• Bob Ross
    1.3k


    Hello Plaque Flag,

    I totally respect going at Heidegger's themes without the baggage

    Yeah, his terminology isn’t the most intuitive, to say the least; so I try not to import it into my statements unless absolutely necessary. Also, I am not that well-versed in Heidegger, so I also don’t want to misrepresent his views.

    I think you are aiming at something like what I call the entanglement of the object and subject. They cannot be isolated without absurdity.
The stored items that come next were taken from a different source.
Lemma norm_convex_le u v t c : 0 <= t <= 1 ->
  `|u| <= c -> `|v| <= c -> `|(1 - t) *: u + t *: v| <= c.
Proof.
move=> /andP[t0 t1] uc vc; have t1' : 0 <= 1 - t by rewrite subr_ge0.
apply: le_trans (ler_normD _ _) _; rewrite !normrZ (ger0_norm t0) (ger0_norm t1').
have : (1 - t) * `|u| <= (1 - t) * c by rewrite ler_wpM2l.
have : t * `|v| <= t * c by rewrite ler_wpM2l.
lra.
Qed.

Lemma norm_convex_lt u v t c : 0 < t < 1 ->
  `|u| < c -> `|v| < c -> `|(1 - t) *: u + t *: v| < c.
Proof.
move=> /andP[t0 t1] uc vc; have t1' : 0 < 1 - t by rewrite subr_gt0.
apply: le_lt_trans (ler_normD _ _) _; rewrite !normrZ (gtr0_norm t0) (gtr0_norm t1').
have : (1 - t) * `|u| < (1 - t) * c by rewrite ltr_pM2l.
have : t * `|v| < t * c by rewrite ltr_pM2l.
lra.
Qed.

Lemma convex_combE u v t : (1 - t) *: u + t *: v = u + t *: (v - u).
Proof. by rewrite scalerBl scale1r scalerBr addrA addrAC. Qed.

(* A local minimum at 0 of the convex function l |-> |x + l d| is global. *)
Lemma BJ_orth_local x d e : 0 < e ->
  (forall s, `|s| <= e -> `|x| <= `|x + s *: d|) -> BJ_orth x d.
Proof.
move=> e0 loc l; have [le|gt] := leP `|l| e; first exact: loc.
have l0 : 0 < `|l| by apply: lt_trans gt.
pose k := e / `|l|.
have k0 : 0 < k by rewrite divr_gt0.
have k1 : k < 1 by rewrite ltr_pdivrMr // mul1r.
have : `|x| <= `|x + (k * l) *: d|.
  by apply: loc; rewrite normrM gtr0_norm // divfK ?gt_eqF.
have -> : x + (k * l) *: d = (1 - k) *: x + k *: (x + l *: d).
  by rewrite scalerDr scalerA addrA -scalerDl subrK scale1r.
have k1' : 0 < 1 - k by rewrite subr_gt0.
move=> H; have := le_trans H (ler_normD _ _).
rewrite (normrZ (1 - k)) (normrZ k) (gtr0_norm k0) (gtr0_norm k1') => {}H.
by rewrite -(ler_pM2l k0); lra.
Qed.

Definition shortens x d := exists2 l, 0 < l & `|x + l *: d| < 1.

Lemma BJ_orth_not_shortens x d :
  `|x| = 1 -> ~ shortens x d -> ~ shortens x (- d) -> BJ_orth x d.
Proof.
move=> x1 nd nNd l; rewrite x1 leNgt; apply/negP.
have [l0|l0|->] := ltgtP l 0 => lt1.
- by apply: nNd; exists (- l); rewrite ?oppr_gt0 // scaleNr scalerN opprK.
- by apply: nd; exists l.
- by rewrite scale0r addr0 x1 ltxx in lt1.
Qed.
(* Let $n\ge2$, $N\in\mathbb{Z}$, and let $P$ be an $N$-representative of type $\beta$ of some $[P]\in\mathcal{S}_{3,n}^\beta$. Then for all $i>N$ the quadrilateral with vertices $P_i,P_{i+1},P_{i+2},P_{i+3}$ (in this cyclic order) is convex; more precisely, all of the triples $(P_i,P_{i+1},P_{i+2})$, $(P_{i+1},P_{i+2},P_{i+3})$, $(P_i,P_{i+1},P_{i+3})$, $(P_i,P_{i+2},P_{i+3})$ are positive.
   Context: The affine patch $\mathbb{A}^2=\{[x:y:1]\}\subset\mathbb{RP}^2$ is identified with $\mathbb{R}^2$. For $V_1,V_2,V_3\in\mathbb{A}^2$ with affine coordinates $\tilde V_j=(x_j,y_j,1)$, $\mathcal{O}(V_1,V_2,V_3)=\det(\tilde V_1,\tilde V_2,\tilde V_3)$; the triple is positive if $\mathcal{O}>0$. $\operatorname{int}(V_1,V_2,V_3)$ is the interior of the affine triangle. A twisted $n$-gon is a map $P:\mathbb{Z}\to\mathbb{RP}^2$ with every three consecutive points non-collinear and $P_{i+n}=M(P_i)$ for a fixed $M\in\mathrm{PGL}_3(\mathbb{R})$; $\mathcal{P}_n$ is the set of classes modulo projective equivalence. $P$ is $k$-nice if $P_i,P_{i+1},P_{i+k},P_{i+k+1}$ are in general position for every $i$. For $k\ge3$, $[P]\in\mathcal{P}_n$ is a $k$-spiral of type $\beta$ if it is $k$-nice and for every $N\in\mathbb{Z}$ some representative $P$ (an $N$-representative of type $\beta$) satisfies, for all $i\ge N$: $P_i\in\mathbb{A}^2$, $(P_i,P_{i+1},P_{i+2})$ positive, $(P_i,P_{i+1},P_{i+k})$ positive and $P_{i+k+1}\in\operatorname{int}(P_i,P_{i+1},P_{i+k})$. $\mathcal{S}_{k,n}^\beta$ is the set of such classes. *)

(* Points of RP^2 are represented by nonzero row vectors of R^3
   (homogeneous coordinates); all notions below are invariant under rescaling. *)
From HB Require Import structures.
From mathcomp Require Import all_boot all_order all_algebra.
From mathcomp Require Import reals.
Set Implicit Arguments. Unset Strict Implicit. Unset Printing Implicit Defensive.
Import Order.TTheory GRing.Theory Num.Theory.
Local Open Scope ring_scope.

Section Defs.
Variable R : realType.

Definition pt := 'rV[R]_3.

Definition det3 (a b c : pt) : R :=
  \det (\matrix_(i < 3, j < 3) ([:: a; b; c]`_i) 0 j).

Definition proj_eq (v w : pt) : Prop := exists2 l : R, l != 0 & v = l *: w.

Definition in_A2 (v : pt) : bool := v 0 2%:R != 0.

Definition aff (v : pt) : pt := (v 0 2%:R)^-1 *: v.

Definition orient (a b c : pt) : R := det3 (aff a) (aff b) (aff c).

Definition positive (a b c : pt) : Prop := 0 < orient a b c.

Definition in_int (a b c x : pt) : Prop :=
  exists t1 t2 t3 : R, [/\ 0 < t1, 0 < t2, 0 < t3, t1 + t2 + t3 = 1 &
    aff x = t1 *: aff a + t2 *: aff b + t3 *: aff c].

Definition noncollinear (a b c : pt) : Prop := det3 a b c != 0.

Definition twisted_ngon (n : nat) (P : int -> pt) : Prop :=
  [/\ forall i, P i != 0,
      forall i, noncollinear (P i) (P (i + 1)) (P (i + 2)) &
      exists2 M : 'M[R]_3, M \in unitmx &
        forall i, proj_eq (P (i + n%:Z)) (P i *m M)].

Definition proj_equiv (P Q : int -> pt) : Prop :=
  exists2 A : 'M[R]_3, A \in unitmx & forall i, proj_eq (Q i) (P i *m A).

Definition general_position4 (a b c d : pt) : Prop :=
  [/\ noncollinear a b c, noncollinear a b d, noncollinear a c d &
      noncollinear b c d].

Definition k_nice (k : nat) (P : int -> pt) : Prop :=
  forall i, general_position4 (P i) (P (i + 1)) (P (i + k%:Z)) (P (i + k%:Z + 1)).

Definition N_rep_beta (k : nat) (N : int) (P : int -> pt) : Prop :=
  forall i, N <= i ->
    [/\ in_A2 (P i),
        positive (P i) (P (i + 1)) (P (i + 2)),
        positive (P i) (P (i + 1)) (P (i + k%:Z)) &
        in_int (P i) (P (i + 1)) (P (i + k%:Z)) (P (i + k%:Z + 1))].

Definition spiral_beta (k n : nat) (P0 : int -> pt) : Prop :=
  [/\ (3 <= k)%N, twisted_ngon n P0, k_nice k P0 &
      forall N : int, exists2 Q, twisted_ngon n Q /\ proj_equiv P0 Q &
                                 N_rep_beta k N Q].
End Defs.

(* The first three triangles are positive directly by the type-beta conditions
   at the indices i and i + 1.  For the last one, apply those conditions at
   i - 1 (which is why i > N is needed): P_{i+3} lies inside the positive
   triangle (P_{i-1}, P_i, P_{i+2}), and writing it as t1 P_{i-1} + t2 P_i +
   t3 P_{i+2} in affine coordinates gives
   O(P_i, P_{i+2}, P_{i+3}) = t1 O(P_{i-1}, P_i, P_{i+2}) > 0. *)

From HB Require Import structures.
From mathcomp Require Import all_boot all_order all_algebra.
From mathcomp Require Import reals ring zify.
Import Order.TTheory GRing.Theory Num.Theory.
Local Open Scope ring_scope.

Section Orientation.
Variable R : realType.
Implicit Types a b c x : pt R.

(* Entries addressed by a natural index: after Laplace expansion the column
   indices are nested [lift]s, which [inord] normalizes by computation. *)
Local Definition entry (v : pt R) (k : nat) := v 0 (inord k).

Local Lemma entryE (v : pt R) (j : 'I_3) : v 0 j = entry v j.
Proof. by rewrite /entry inord_val. Qed.

Lemma det3E a b c : det3 a b c =
    a 0 0 * (b 0 1 * c 0 2%:R - b 0 2%:R * c 0 1)
  - a 0 1 * (b 0 0 * c 0 2%:R - b 0 2%:R * c 0 0)
  + a 0 2%:R * (b 0 0 * c 0 1 - b 0 1 * c 0 0).
Proof.
rewrite /det3 (expand_det_row _ ord0) !big_ord_recl big_ord0 /cofactor.
rewrite !(expand_det_row _ ord0) !big_ord_recl big_ord0 /cofactor.
rewrite !det_mx11 !big_ord0 !mxE /= !entryE /= /bump /= ?addn0 ?add0n.
have -> : ((1 %% 3 + 1 %% 3) %% 3 = 1 + 1)%N by [].
by rewrite !expr0 !expr1; ring.
Qed.

Lemma det3_lin_comb a b c (t1 t2 t3 : R) :
  det3 b c (t1 *: a + t2 *: b + t3 *: c) = t1 * det3 a b c.
Proof. by rewrite !det3E !mxE; ring. Qed.

Lemma in_int_positive a b c x :
  in_int a b c x -> positive a b c -> positive b c x.
Proof.
case=> t1 [t2 [t3 [t1_gt0 _ _ _ x_comb]]] abc_pos.
by rewrite /positive /orient x_comb det3_lin_comb mulr_gt0.
Qed.

End Orientation.

Theorem mainTheorem13 (R : realType) (n : nat) (N : int)
    (P0 P : int -> pt R) :
  (2 <= n)%N ->
  spiral_beta 3 n P0 ->
  twisted_ngon n P -> proj_equiv P0 P ->
  N_rep_beta 3 N P ->
  forall i : int, N < i ->
    [/\ positive (P i) (P (i + 1)) (P (i + 2)),
        positive (P (i + 1)) (P (i + 2)) (P (i + 3)),
        positive (P i) (P (i + 1)) (P (i + 3)) &
        positive (P i) (P (i + 2)) (P (i + 3))].
Proof.
move=> _ _ _ _ Prep i Ni.
have [_ pos_i012 pos_i013 _] := Prep i (ltW Ni).
have [_ pos_i123 _ _] := Prep (i + 1) ltac:(lia).
have [_ _ pos_prev in_prev] := Prep (i - 1) ltac:(lia).
move: pos_i123 pos_prev in_prev.
have -> : i + 1 + 1 = i + 2 by lia.
have -> : i + 1 + 2 = i + 3 by lia.
have -> : i - 1 + 1 = i by lia.
have -> : i - 1 + 3%:Z + 1 = i + 3 by lia.
have -> : i - 1 + 3%:Z = i + 2 by lia.
move=> pos_i123 pos_prev in_prev.
split=> //; exact: in_int_positive in_prev pos_prev.
Qed.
    One could say this of my view iff what they are referring to by ‘object’ is ‘being’. Most people use ‘object’ in the sense of an actual, tangible ‘thing’ in reality that they are experiencing; and, as in idealist myself, I reject the existent of such ‘things’.

    There’s has to be something, by my lights, mind-independent even in the case that the world is fundamentally a mind—as, at the very least, that mind exists mind-independently. For me, ‘being’ is the most primitive of all, and it is mind-independent.
  • plaque flag
    2.7k


    Ah, I see. My take is that subjectivity requires a world that encompasses it to make sense as subjectivity. So I can't make sense of the world as fundamentally or most basically an independent subject.

    On the other hand, I only know my own encompassing world in terms of the 'lens' or 'window' of my cultural human flesh which seems to contribute to the meaningfulness and color of the lifeworld. In my weird direct realist view, roses really are red. One might say that human cognition paints them red, so that they aren't really red, but to me this is a bluff --- for we can't see around human cognition. The world we can talk about is exactly the world for human cognition. The world apart from human cognition is a kind of bad check that cannot be cashed, a round square.